“Louise was born in 1984 in London she studied at Falmouth school of art in Cornwall graduating in 2007. She was immediately picked up by SAATCHI/channel 4 collaboration ‘Sensations’. She exhibited internationally living in Cornwall, London and Paris for a while. After a residency in Iceland and living with Nuns in a convent in central London she settled in Berlin in 2013 where she currently lives and works.”
The above is a quotation from the artist’s personal statement. Louise has lived in a number of interesting environments. I couldn’t help smiling, when she described how when homeless in London, she wrote around to numerous agencies and the only supportive assistance she received was from the convent. She is currently based In Berlin and has it happens in the long Sonnenallee – a location in East Berlin made famous by Thomas Brussig in his ironic and witty novel, which has now been made into a film and performed as a play at BTZ.

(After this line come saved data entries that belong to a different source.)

Lemma ord_succ a s : ordinal E a -> is_succ E s a -> ordinal E s.
Proof.
  intros Ha Hs. apply ord_of_ords.
  - intros y z Hzy Hys. apply Hs in Hys. apply Hs. left. destruct Hys as [H| ->].
    + eapply ord_trans; eauto.
    + auto.
  - intros x Hx. apply Hs in Hx. destruct Hx as [H| ->]; [eapply ord_elem|]; eauto.
Qed.

Lemma ord_le_sub a b : ordinal E b -> (E a b \/ a = b) -> forall z, E z a -> E z b.
Proof. intros Hb [H| ->] z Hz; auto. eapply ord_trans; eauto. Qed.

Lemma ord_upper_bound a b : ordinal E a -> ordinal E b ->
  exists d, ordinal E d /\ (forall z, E z a -> E z d) /\ (forall z, E z b -> E z d).
Proof.
  intros Ha Hb. destruct (ord_tri a b Ha Hb) as [H|[<-|H]].
  - exists b. split; [auto|split; [|auto]]. exact (ord_le_sub a b Hb (or_introl H)).
  - exists a. auto.
  - exists a. split; [auto|split; [auto|]]. exact (ord_le_sub b a Ha (or_introl H)).
Qed.

Lemma nat_elem n y : natural_number E n -> (E y n \/ y = n) -> natural_number E y.
Proof.
  intros [Ho Hn] Hy. split.
  - destruct Hy as [H| ->]; [eapply ord_elem|]; eauto.
  - intros w Hw. apply Hn. destruct Hy as [Hy| ->]; auto.
    left. destruct Hw as [Hw| ->]; auto. eapply ord_trans; eauto.
Qed.

Lemma sat_ord env i : sat E env (F_ord i) <-> ordinal E (env i).
Proof.
  unfold F_ord; simpl. split.
  - intros [H1 [H3 H4]]. repeat split.
    + intros y z Hzy Hy. eapply H1; eauto.
    + intros x _. apply not_self; auto.
    + intros x y z Hx Hy Hz. eapply H3; eauto.
    + intros x y Hx Hy. apply H4; auto.
    + intros b _ Hne. apply found_min; auto.
  - intros [Ht [_ [H3 [H4 _]]]]. split; [|split].
    + intros y z Hzy Hy. eapply Ht; eauto.
    + intros x y z Hx Hy Hz. eapply H3; eauto.
    + intros x y Hx Hy. apply H4; auto.
Qed.

Opaque F_ord.

Lemma rel_dom f d x y : is_function_on E f d -> rel E f x y -> E x d.
Proof.
  intros [H1 _] [p [Hp Ho]]. destruct (H1 p Hp) as [x0 [y0 [Ho' Hx0]]].
  destruct (opair_inj _ _ _ _ _ Ho Ho'); subst; auto.
Qed.

Lemma fun_val f d x y y' : is_function_on E f d -> rel E f x y -> rel E f x y' -> y = y'.
Proof.
  intros Hf H1 H2. assert (Hx : E x d) by (eapply rel_dom; eauto).
  destruct Hf as [_ Hf]. destruct (Hf x Hx) as [z [_ Hz]].
  rewrite (Hz y H1), (Hz y' H2). reflexivity.
Qed.

Definition xi_graph (n : nat) : nat := match n with 0 => 0 | 1 => 2 | S (S k) => S (S (S k)) end.

Lemma graph (psi : form) rho a :
  (forall x, E x a -> exists y, sat2 E psi rho y x /\ forall y', sat2 E psi rho y' x -> y' = y) ->
  exists k, (forall p, E p k -> exists x y, is_opair E p x y /\ E x a) /\
    (forall x y, rel E k x y <-> E x a /\ sat2 E psi rho y x).
Proof.
  intros Hf.
  set (chi := FEx (FAnd (ren xi_graph psi) (F_opair 1 2 0))).
  assert (Hchi : forall q x, sat2 E chi rho q x <->
                             exists y, sat2 E psi rho y x /\ is_opair E q x y).
  { intros q x. unfold chi, sat2. simpl. split; intros [y [H1 H2]]; exists y.
    - rewrite sat_ren in H1. rewrite sat_opair in H2. simpl in H2. split; auto.
      revert H1; apply sat_ext. intros [|[|n]]; reflexivity.
    - rewrite sat_ren, sat_opair. simpl. split; auto.
      revert H1; apply sat_ext. intros [|[|n]]; reflexivity. }
  destruct (sch_repl chi rho a) as [k Hk].
  { intros x Hx. destruct (Hf x Hx) as [y [Hy Hu]].
    destruct (opair_exists x y) as [q Hq]. exists q. split.
    - apply Hchi. eauto.
    - intros q' Hq'. apply Hchi in Hq'. destruct Hq' as [y' [Hy' Hq']].
      apply Hu in Hy'. subst. eapply opair_unique; eauto. }
  exists k. split.
  - intros p Hp. apply Hk in Hp. destruct Hp as [x [Hx Hc]]. apply Hchi in Hc.
    destruct Hc as [y [_ Hq]]. eauto.
  - intros x y. split.
    + intros [p [Hp Hpo]]. apply Hk in Hp. destruct Hp as [x0 [Hx0 Hc]]. apply Hchi in Hc.
      destruct Hc as [y0 [Hy0 Hq]]. destruct (opair_inj _ _ _ _ _ Hpo Hq). subst. auto.
    + intros [Hx Hy]. destruct (opair_exists x y) as [q Hq]. exists q. split; auto.
      apply Hk. exists x. split; auto. apply Hchi. eauto.
Qed.

Lemma equi_refl a : equinumerous E a a.
Proof.
  destruct (graph (FEq 0 1) (fun _ => a) a) as [k [Hk1 Hk2]].
  { intros x Hx. exists x. unfold sat2; simpl. split; auto. }
  assert (Hr : forall x y, rel E k x y <-> E x a /\ y = x).
  { intros x y. rewrite Hk2. unfold sat2; simpl. tauto. }
  exists k. split; [split|split].
  - exact Hk1.
  - intros x Hx. exists x. split; [apply Hr; auto|]. intros y' Hy'. apply Hr in Hy'. apply Hy'.
  - intros x x' y H1 H2. apply Hr in H1. apply Hr in H2. destruct H1, H2; congruence.
  - intros y. split.
    + intros Hy. exists y. split; auto. apply Hr. auto.
    + intros [x [Hx Hxy]]. apply Hr in Hxy. destruct Hxy; subst; auto.
Qed.

Lemma equi_trans a b c : equinumerous E a b -> equinumerous E b c -> equinumerous E a c.
Proof.
  intros [g [Hg [Hgi Hgr]]] [h [Hh [Hhi Hhr]]].
  set (psi := FEx (FAnd (F_rel 3 2 0) (F_rel 4 0 1))).
  set (rho := scons g (scons h (fun _ => g))).
  assert (Hpsi : forall y x, sat2 E psi rho y x <-> exists u, rel E g x u /\ rel E h u y).
  { intros y x. unfold psi, sat2. simpl. setoid_rewrite sat_rel. simpl. tauto. }
  assert (Hval : forall x, E x a -> exists y, (exists u, rel E g x u /\ rel E h u y) /\
                    forall y', (exists u, rel E g x u /\ rel E h u y') -> y' = y).
  { intros x Hx. destruct Hg as [_ Hg2]. destruct (Hg2 x Hx) as [u [Hu Huu]].
    assert (Hub : E u b) by (apply Hgr; eauto).
    destruct Hh as [_ Hh2]. destruct (Hh2 u Hub) as [y [Hy Hyu]].
    exists y. split; [eauto|]. intros y' [u' [H1 H2]].
    apply Huu in H1. subst u'. apply Hyu; auto. }
  destruct (graph psi rho a) as [k [Hk1 Hk2]].
  { intros x Hx. destruct (Hval x Hx) as [y [Hy Hu]]. exists y.
    split; [apply Hpsi; exact Hy|]. intros y' Hy'. apply Hu, Hpsi, Hy'. }
  assert (Hr : forall x y, rel E k x y <-> E x a /\ exists u, rel E g x u /\ rel E h u y).
  { intros x y. rewrite Hk2, Hpsi. tauto. }
  exists k. split; [split|split].
  - exact Hk1.
  - intros x Hx. destruct (Hval x Hx) as [y [Hy Hu]]. exists y.
    split; [apply Hr; auto|]. intros y' Hy'. apply Hu. apply Hr in Hy'. apply Hy'.
  - intros x x' y H1 H2. apply Hr in H1. apply Hr in H2.
    destruct H1 as [_ [u [H1 H1']]]. destruct H2 as [_ [u' [H2 H2']]].
    assert (u = u') by (eapply Hhi; eauto). subst u'. eapply Hgi; eauto.
  - intros y. split.
    + intros Hy. apply Hhr in Hy. destruct Hy as [u [Hu Huy]]. apply Hgr in Hu.
      destruct Hu as [x [Hx Hxu]]. exists x. split; auto. apply Hr. eauto.
    + intros [x [Hx Hxy]]. apply Hr in Hxy. destruct Hxy as [_ [u [H1 H2]]].
      apply Hhr. exists u. split; auto. apply Hgr. eauto.
Qed.

Definition succ_closed (w : M) : Prop := forall v, E v w -> exists s, is_succ E s v /\ E s w.

(* An ordinal closed under successor which is not a natural number: the
   ordinals of the inductive set of Infinity that are subsets of it. *)
Lemma omega_exists : exists w, ordinal E w /\ succ_closed w /\ ~ natural_number E w.
Proof.
  destruct ax_inf as [x0 [[e [He Hex]] Hcl]].
  destruct (sep (FAnd (F_ord 0) (FAll (FImp (FMem 0 1) (FMem 0 2)))) (fun _ => x0) x0)
    as [w Hw].
  assert (Hw' : forall v, E v w <-> E v x0 /\ ordinal E v /\ forall z, E z v -> E z x0).
  { intro v. rewrite Hw. unfold sat1. simpl. rewrite sat_ord. simpl. tauto. }
  assert (Hcl' : succ_closed w).
  { intros v Hv. apply Hw' in Hv. destruct Hv as [Hv0 [Hvo Hvs]].
    destruct (Hcl v Hv0) as [s [Hs Hs0]]. exists s. split; auto. apply Hw'.
    split; [auto|split].
    - eapply ord_succ; eauto.
    - intros z Hz. apply Hs in Hz. destruct Hz as [Hz| ->]; auto. }
  assert (Hwo : ordinal E w).
  { apply ord_of_ords.
    - intros y z Hzy Hyw. apply Hw' in Hyw. destruct Hyw as [Hy0 [Hyo Hys]]. apply Hw'.
      split; [auto|split].
      + eapply ord_elem; eauto.
      + intros u Hu. apply Hys. exact (ord_trans y Hyo z u Hu Hzy).
    - intros v Hv. apply Hw' in Hv. apply Hv. }
  assert (Hew : E e w).
  { apply Hw'. split; [exact Hex|split].
    - apply ord_of_ords; [intros y z H1 H2|intros x H1]; exfalso; eapply He; eauto.
    - intros z Hz; exfalso; eapply He; eauto. }
  exists w. split; [auto|split; [auto|]].
  intros [_ Hn]. destruct (Hn w (or_intror eq_refl)) as [Hemp|[z Hz]].
  - eapply Hemp; eauto.
  - assert (Hzw : E z w) by (apply Hz; auto). destruct (Hcl' z Hzw) as [s [Hs Hsw]].
    assert (s = w) by (eapply succ_unique; eauto). subst s. eapply not_self; eauto.
Qed.

(* The pigeonhole principle, in the form: no natural number v admits a
   relation f that is functional and maps v onto its successor v + 1. *)
Definition surjects_onto_succ (v f : M) : Prop :=
  (forall p, E p f -> exists a b, is_opair E p a b) /\
  (forall x, (E x v \/ x = v) -> exists y, E y v /\ rel E f y x) /\
  (forall y x x', rel E f y x -> rel E f y x' -> x = x').

Definition swap_rel (k ys a c : M) : Prop :=
  (a = k /\ c = ys) \/ (a = ys /\ c = k) \/ (a <> k /\ a <> ys /\ c = a).

Lemma swap_rel_fun k ys a c c' : k <> ys -> swap_rel k ys a c -> swap_rel k ys a c' -> c = c'.
Proof. unfold swap_rel; intros; intuition congruence. Qed.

Am kürzeren Ende der Sonnenallee
Currently, Louise Thomas has just completed a three month placement at Porthmeor Studios where her work has focussed largely upon an historical approach to the coastal landscape including ships and shipwrecks. About her work, Louise has written,”I construct magical realist narratives through collages, sculpture and painting. The enviroments or events depicted show contrast between real and magical elements. These elements are visible through my different methods of production and placement of resources. I find inspiration from a wide range of source material, from films I have made of abandoned interior spaces, to specific walking routes, to archive material of paintings hanging in museums. I perform extensive research and careful study of the subject matter, building a pool of scenarios to work from.”
“Through construction of models and collages I develop my ideas for painting. From the initial source material I make collages and if necessary bring in images from holiday brochures or photocopies from unique archives. I will research historic events, sourcing restoration records from museums or libraries. I usually end up with stage sets to play out scenarios. The models can be in clay, paper, plaster and other site specific materials. I work my way through various stages, addressing ideas of scale, colour, atmosphere until I find a valid reason to develop a painting. The historic elements run alongside fictional narrative I have developed; for example flooding the space, rebuilding it, imagining it thousand years from now or highlghting natural phenomenon.”